SPDX-License-Identifier: Apache-2.0

# Learning Gremlin - Create, Update, and Delete Queries

This notebook is the fourth in a series of notebooks that walk through how to write queries using Gremlin.  In this notebook, we will examine the basics of how to perform mutation operations, create/update/delete in Gremlin.  This notebook assumes that you have already completed the previous notebook "01-Basic-Read-Queries" so we will continue our lessons from the end of the previous notebook and assume that the data has been loaded into the cluster.

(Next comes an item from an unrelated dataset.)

(* Let $G=(V,E)$ be a hypergraph and let $(U,\overline U)$ be a minimal balanced minimum $k$-partition split in $G$ for some integer $k\ge2$. Then for every vertex $u_0\in U$ there exists a subset $S\subseteq U\setminus\{u_0\}$ with $|S|\le 2k-3$ such that $(U,\overline U)$ is the unique minimum $(S\cup\{u_0\},\overline U)$-terminal cut in $G$.
   Context: A hypergraph $G=(V,E)$ has finite vertex set $V$ and finite multiset $E$ of unit-cost hyperedges (subsets of $V$). For $X\subseteq V$, $\overline X=V\setminus X$ and $d(X)$ is the number of hyperedges meeting both $X$ and $\overline X$. The cost of an (ordered) partition of $V$ into non-empty parts is the number of hyperedges meeting at least two parts; a minimum $k$-partition is a $k$-partition of minimum cost. A 2-partition $(U,\overline U)$ is a balanced minimum $k$-partition split if there is a minimum $k$-partition $(V_1,\dots,V_k)$ with $U=\bigcup_{i=1}^{\lfloor k/2\rfloor}V_i$; it is minimal if there is no balanced minimum $k$-partition split $(U',\overline{U'})$ with $U'\subsetneq U$. For disjoint $S,T\subseteq V$, a 2-partition $(X,\overline X)$ is an $(S,T)$-terminal cut if $S\subseteq X\subseteq V\setminus T$, and it is minimum if $d(X)$ is minimum among such cuts. *)

From mathcomp Require Import all_boot.
Set Implicit Arguments. Unset Strict Implicit. Unset Printing Implicit Defensive.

### Setting up the visualizations

Run the next two cells to configure various display options for our notebook, which we will use later on to display our results in a pleasing visual way.  

In [None]:
%%graph_notebook_vis_options
{
  "groups": {    
    "person": {
      "color": "#9ac7bf"
    },
    "review": {
      "color": "#f8cecc"
    },
    "city": {
      "color": "#d5e8d4"
    },
    "state": {
      "color": "#dae8fc"
    },
    "review_rating": {
      "color": "#e1d5e7"
    },
    "restaurant": {
      "color": "#ffe6cc"
    },
    "cusine": {
      "color": "#fff2cc"
    }
  }
}

### Looking at our graph data

As we examined the data model in the previous notebook, we are not going to examine it, however we will leave the data schema for reference.

![dining-by-friends.png](attachment:dining-by-friends.png)


## Creating Data

When working with any database, one of the most common tasks is adding new data. To add new nodes, edges, or path in Gremlin we use the [`addV()`](https://tinkerpop.apache.org/docs/current/reference/#addvertex-step) step. 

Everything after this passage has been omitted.